Нет ли в книге перекоса из-за того, что страдание, которое вы видели, ярче и громче требовало написать о себе, чем счастливо заканчивавшиеся случаи?
Павлов: Фон все-таки был трагический, я его не придумал. Я жил в трагическое время и именно так его переживал. Но есть правда в том, что радость человеческая воспринимается как что-то обыкновенное — если только это не выход из огромной трагедии. Например, победа в войне.
Сейчас надо прикладывать усилия, чтобы в человеке проснулось сострадание
Но смех — тоже часть русской литературы. Он нужен?
Павлов: Русским писателям был свойствен непошлый парадоксальный смех. В наше время пример такого смеха — писатель Владислав Отрошенко. Он, пожалуй, единственный, кто сегодня умеет смеяться без издевательства над человеком. Смех Пелевина, Сорокина — это издевательский смех. А мне нравится смех парадоксальный, когда жизнь оказывается превращением, анекдотом. Жизнь ведь может сама над тобой посмеяться. Я вчера писал статью — очень сложную, важную для меня — и закончил ее словами: «Смириться — значит идти дальше». Нажимаю кнопку «сохранить» — и вслед за тем машинально нажимаю кнопку «нет». И у меня пропадает результат недельной работы. Но я вспоминаю последние слова статьи и понимаю, что это жизнь надо мной посмеялась. Это смешно! Ну, что ж, теперь смирись и иди дальше…
Как вы думаете, почему сегодня литературу, в которой смещены или опрокинуты понятия о добре и зле, принято называть элитарной?
Павлов: Очень простой ответ: потому что она нравится элите. Это люди, которые защищены от обыкновенной жизни.

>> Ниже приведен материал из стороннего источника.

Theorem lemmaD4 :
  forall eps : R, 0 < eps ->
  exists delta : R, 0 < delta /\
  exists N : nat, forall n m : nat,
    (N <= n)%nat -> eps * INR n <= INR m -> (m <= n + n)%nat ->
    prob_isotropic n m <= Rpower 2 (- (delta * INR n ^ 2)).
Proof.
move=> eps eps_gt0; exists (eps ^ 2 / 8); split; first by nra.
have [N N_large] := INR_unbounded (18 / eps ^ 2 + 1).
exists N => n m le_Nn eps_m le_m2n.
have n_large : 18 / eps ^ 2 + 1 < INR n.
  exact: Rlt_le_trans N_large (le_INR _ _ (leP le_Nn)).
have m_gt0 : (0 < m)%N.
  have : 0 < 18 / eps ^ 2 by apply: Rdiv_lt_0_compat; nra.
  by move=> ?; apply/ltP/INR_lt; rewrite /=; nra.
have m_split : m = (m./2 + uphalf m)%N by rewrite uphalf_half addnCA addnn odd_double_half.
rewrite {1}m_split; apply: Rle_trans (prob_isotropic_le _) _; first by rewrite -m_split m_gt0.
apply: Rle_Rpower; first lra.
rewrite -plusE plus_INR; apply: (quadratic_exponent_le (y := INR m)) => //.
have /leP/le_INR := sqrn_le_half_uphalf m.
rewrite -!plusE -!multE !plus_INR !mult_INR /=; lra.
Qed.
(* Assume $\tau_h<\sqrt{1+\boldsymbol\kappa^{-2}}$, and let $\mathcal T_h$ be an ADT. Let $T\in\mathcal T_h$ be a triangle whose edge vectors are $he,hf,hg$, with $e,f,g\in\mathbb Z^2$ oriented so that $e+f+g=0$. Then: (i) $\max\{\|e\|,\|f\|,\|g\|\}\le2\boldsymbol\kappa$; (ii) $|\det(e,f)|=1$, hence $|T|=h^2/2$; (iii) $\langle e,\mathbf M(z)f\rangle\le\theta_h$ for every $z\in T$, where $\theta_h:=\boldsymbol\kappa(3+9\tau_{2h}^2)(\tau_{2h}^2-1)$.
   Context: Let $\mathbf D:\mathbb R^2\to S_2^+$ be continuous and $\mathbb Z^2$-periodic. Set $\mathbf M(z):=\det(\mathbf D(z))^{1/2}\mathbf D(z)^{-1}$, $\|e\|_M:=\sqrt{\langle e,Me\rangle}$, $\kappa(M):=\sqrt{\|M\|\|M^{-1}\|}$, and $\boldsymbol\kappa:=\max_z\kappa(\mathbf D(z))$. Let $h=1/n$ for an integer $n\ge 1$. Voronoi construction: $\delta_p(q):=\|q-p\|_{\mathbf M(p)}$, $\Delta_h(q):=\min_{p\in h\mathbb Z^2}\delta_p(q)$, and $\mathrm{Vor}_h(p):=\{q:\delta_p(q)=\Delta_h(q)\}$. For each point $q$ lying in the Voronoi cells of at least three distinct grid points, let $T_q$ be the convex hull of all grid points whose cells contain $q$, and let $\mathcal Q_h:=\{T_q\}$. When $\mathcal Q_h$ is a polygonization of $\mathbb R^2$ into strictly convex polygons with vertex set $h\mathbb Z^2$ (true under the assumption), an ADT $\mathcal T_h$ is any $\mathbb Z^2$-periodic triangulation obtained by triangulating each element of $\mathcal Q_h$ without adding vertices. $\tau(p,q)$ is the smallest $\tau\ge1$ with $\tau^{-2}\mathbf M(p)\le\mathbf M(q)\le\tau^2\mathbf M(p)$. For any $h>0$, $\tau_h:=\max\{\tau(p,q):\|p-q\|\le2\boldsymbol\kappa h\}$. *)

From Stdlib Require Import Reals List ZArith.
Open Scope R_scope.

Definition R2 : Type := (R * R)%type.
Definition vadd (u v : R2) : R2 := (fst u + fst v, snd u + snd v).
Definition vsub (u v : R2) : R2 := (fst u - fst v, snd u - snd v).
Definition vscale (t : R) (u : R2) : R2 := (t * fst u, t * snd u).
Definition dot (u v : R2) : R := fst u * fst v + snd u * snd v.
Definition enorm (u : R2) : R := sqrt (dot u u).
Definition det2 (u v : R2) : R := fst u * snd v - snd u * fst v.
Definition zvec (k : Z * Z) : R2 := (IZR (fst k), IZR (snd k)).

(** Symmetric 2x2 matrices [[a,b],[b,c]] represented by (a,b,c). *)
Definition Sym2 : Type := (R * R * R)%type.
Definition sa (m : Sym2) : R := fst (fst m).
Definition sb (m : Sym2) : R := snd (fst m).
Definition sc (m : Sym2) : R := snd m.
Definition sdet (m : Sym2) : R := sa m * sc m - sb m * sb m.
Definition mulv (m : Sym2) (x : R2) : R2 :=
  (sa m * fst x + sb m * snd x, sb m * fst x + sc m * snd x).
Definition bilin (m : Sym2) (u v : R2) : R := dot u (mulv m v).
Definition quad (m : Sym2) (x : R2) : R := bilin m x x.
Definition smul (t : R) (m : Sym2) : Sym2 := (t * sa m, t * sb m, t * sc m).
Definition sinv (m : Sym2) : Sym2 :=
  (sc m / sdet m, - sb m / sdet m, sa m / sdet m).
Definition SPD (m : Sym2) : Prop := 0 < sa m /\ 0 < sdet m.
Definition loewner_le (A B : Sym2) : Prop := forall x, quad A x <= quad B x.

Definition is_opnorm (m : Sym2) (r : R) : Prop :=
  is_lub (fun t => exists x, enorm x = 1 /\ t = enorm (mulv m x)) r.
Definition is_kappa (m : Sym2) (k : R) : Prop :=
  exists r1 r2, is_opnorm m r1 /\ is_opnorm (sinv m) r2 /\ k = sqrt (r1 * r2).

Definition IsMax (S : R -> Prop) (x : R) : Prop := S x /\ forall y, S y -> y <= x.
Definition IsMin (S : R -> Prop) (x : R) : Prop := S x /\ forall y, S y -> x <= y.

Definition cont_R2 (f : R2 -> R) : Prop :=
  forall z eps, 0 < eps -> exists del, 0 < del /\
    forall w, enorm (vsub w z) < del -> Rabs (f w - f z) < eps.
Definition D_admissible (D : R2 -> Sym2) : Prop :=
  (forall z, SPD (D z)) /\
  cont_R2 (fun z => sa (D z)) /\ cont_R2 (fun z => sb (D z)) /\
  cont_R2 (fun z => sc (D z)) /\
  (forall z k, D (vadd z (zvec k)) = D z).

Definition Mof (D : R2 -> Sym2) (z : R2) : Sym2 :=
  smul (sqrt (sdet (D z))) (sinv (D z)).
Definition Mnorm (m : Sym2) (e : R2) : R := sqrt (quad m e).

Definition is_kappa_max (D : R2 -> Sym2) (K : R) : Prop :=
  IsMax (fun k => exists z, is_kappa (D z) k) K.

Definition tau_adm (D : R2 -> Sym2) (p q : R2) (t : R) : Prop :=
  1 <= t /\ loewner_le (smul (/ (t * t)) (Mof D p)) (Mof D q)
         /\ loewner_le (Mof D q) (smul (t * t) (Mof D p)).
Definition is_tau (D : R2 -> Sym2) (p q : R2) (t : R) : Prop :=
  IsMin (tau_adm D p q) t.
Definition is_tau_h (D : R2 -> Sym2) (K h : R) (t : R) : Prop :=
  IsMax (fun s => exists p q, enorm (vsub p q) <= 2 * K * h /\ is_tau D p q s) t.

Definition grid (h : R) (p : R2) : Prop := exists k : Z * Z, p = vscale h (zvec k).
Definition delta (D : R2 -> Sym2) (p q : R2) : R := Mnorm (Mof D p) (vsub q p).
Definition inVor (D : R2 -> Sym2) (h : R) (p q : R2) : Prop :=
  grid h p /\ forall p', grid h p' -> delta D p q <= delta D p' q.
Definition Gen (D : R2 -> Sym2) (h : R) (q : R2) : R2 -> Prop := fun p => inVor D h p q.
Definition multi_point (D : R2 -> Sym2) (h : R) (q : R2) : Prop :=
  exists p1 p2 p3, Gen D h q p1 /\ Gen D h q p2 /\ Gen D h q p3 /\
    p1 <> p2 /\ p1 <> p3 /\ p2 <> p3.

Definition conv (S : R2 -> Prop) (x : R2) : Prop :=
  exists l : list (R * R2),
    Forall (fun wp => 0 <= fst wp /\ S (snd wp)) l /\
    fold_right (fun wp acc => fst wp + acc) 0 l = 1 /\
    fold_right (fun wp acc => vadd (vscale (fst wp) (snd wp)) acc) (0, 0) l = x.
Definition Tq (D : R2 -> Sym2) (h : R) (q : R2) : R2 -> Prop := conv (Gen D h q).

Definition interior (S : R2 -> Prop) (x : R2) : Prop :=
  exists eps, 0 < eps /\ forall y, enorm (vsub y x) < eps -> S y.
Definition set_eq (A B : R2 -> Prop) : Prop := forall x, A x <-> B x.
Definition subset (A B : R2 -> Prop) : Prop := forall x, A x -> B x.
Definition translate (V : R2 -> Prop) (k : Z * Z) : R2 -> Prop :=
  fun x => V (vsub x (zvec k)).

(** A triangle is given by its vertex set V = {a,b,c} (non-collinear);
    the triangle itself (as a point set) is conv V. *)
Definition is_triangle_vs (V : R2 -> Prop) : Prop :=
  exists a b c, det2 (vsub b a) (vsub c a) <> 0 /\
    set_eq V (fun x => x = a \/ x = b \/ x = c).

(** An ADT: a Z^2-periodic triangulation obtained by triangulating each
    element T_q of Q_h without adding vertices. Th is the set of triangles
    (by vertex sets). *)
Definition ADT (D : R2 -> Sym2) (h : R) (Th : (R2 -> Prop) -> Prop) : Prop :=
  (forall V, Th V -> is_triangle_vs V) /\
  (forall V V', Th V -> set_eq V V' -> Th V') /\
  (forall V k, Th V -> Th (translate V k)) /\
  (forall V, Th V -> exists q, multi_point D h q /\ subset V (Gen D h q)) /\
  (forall q, multi_point D h q ->
     forall x, Tq D h q x -> exists V, Th V /\ subset V (Gen D h q) /\ conv V x) /\
  (forall q V V', multi_point D h q -> Th V -> Th V' ->
     subset V (Gen D h q) -> subset V' (Gen D h q) ->
     (exists x, interior (conv V) x /\ interior (conv V') x) -> set_eq V V').

From Stdlib Require Import Reals List ZArith Lra Lia Psatz Classical.
Open Scope R_scope.
Hypothesis eta_entangled : ~ biseparable eta.
Unset Implicit Arguments.
Variable h : dfun R.
Set Implicit Arguments.
Hypotheses (h_reduced : reduced_function h) (h_strict : strictly_concave_on_states h).
Hypothesis h_tens : tensor_monotone h.

Lemma mxtrace_gram_M1T : \tr (gram M1^T) = 1. Proof. by rewrite mxtrace_gram_trmx. Qed.

Lemma h_rhoA_gt0 : 0 < h dA (rhoA eta).
Proof.
rewrite rhoA_eta (reduced_gram_trmx h_reduced trM1).
exact: reduced_gt0 (density_gram mxtrace_gram_M1T) (mixed_gram_M1 eta_entangled).
Qed.

Lemma h_rhoC_gt0 : 0 < h dC (rhoC eta).
Proof.
rewrite rhoC_eta -(reduced_gram_trmx h_reduced trM2).
exact: reduced_gt0 (density_gram trM2) (mixed_gram_M2 eta_entangled).
Qed.

Lemma h_rhoB_eta : h dB (rhoB eta) = h (dB1 * dB2)%N (gram M1^T *t gram M2).
Proof.
rewrite rhoB_eta (reduced_isometry h_reduced V_isometry) //.
  exact: density_gram_tens mxtrace_gram_M1T trM2.
rewrite -rhoB_eta (rhoB_gram etaE); apply: density_gram.
by rewrite -mxtrace_gram_trmx gram_coefmx_trmx mxtrace_tens trM1 mxtrace_gram_trmx trM2 mulr1.
Qed.


Lemma h_rhoA_lt_rhoB : h dA (rhoA eta) < h dB (rhoB eta).
Proof.
rewrite h_rhoB_eta rhoA_eta (reduced_gram_trmx h_reduced trM1).
exact (lt_tens_mixedr h_strict h_tens mxtrace_gram_M1T trM2 (mixed_gram_M2 eta_entangled)).
Qed.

Бывает и другая причина. Когда-то я не понимал читателей Сорокина, но мне с восторгом говорила о нем мать моего друга — чудесная интеллигентная женщина. И я понял потом, что ее восторг был связан с усталостью. Она уже все знала, все читала, у нее перестали работать какие-то способности к обычному человеческому восприятию. Но в основном подобную литературу выбирает элита — люди, которых устраивает именно такой взгляд на Россию: они ее не знают, видят только стоя в пробках на Садовом кольце, а такую Россию, о которой пишет Сорокин, вроде бы и не нужно знать. На мой взгляд, за редким исключением это стало содержанием всей литературы нулевых.
Здесь просматривается расхождение, раздвоение реальности и литературы. Как вы думаете, чем оно обернется?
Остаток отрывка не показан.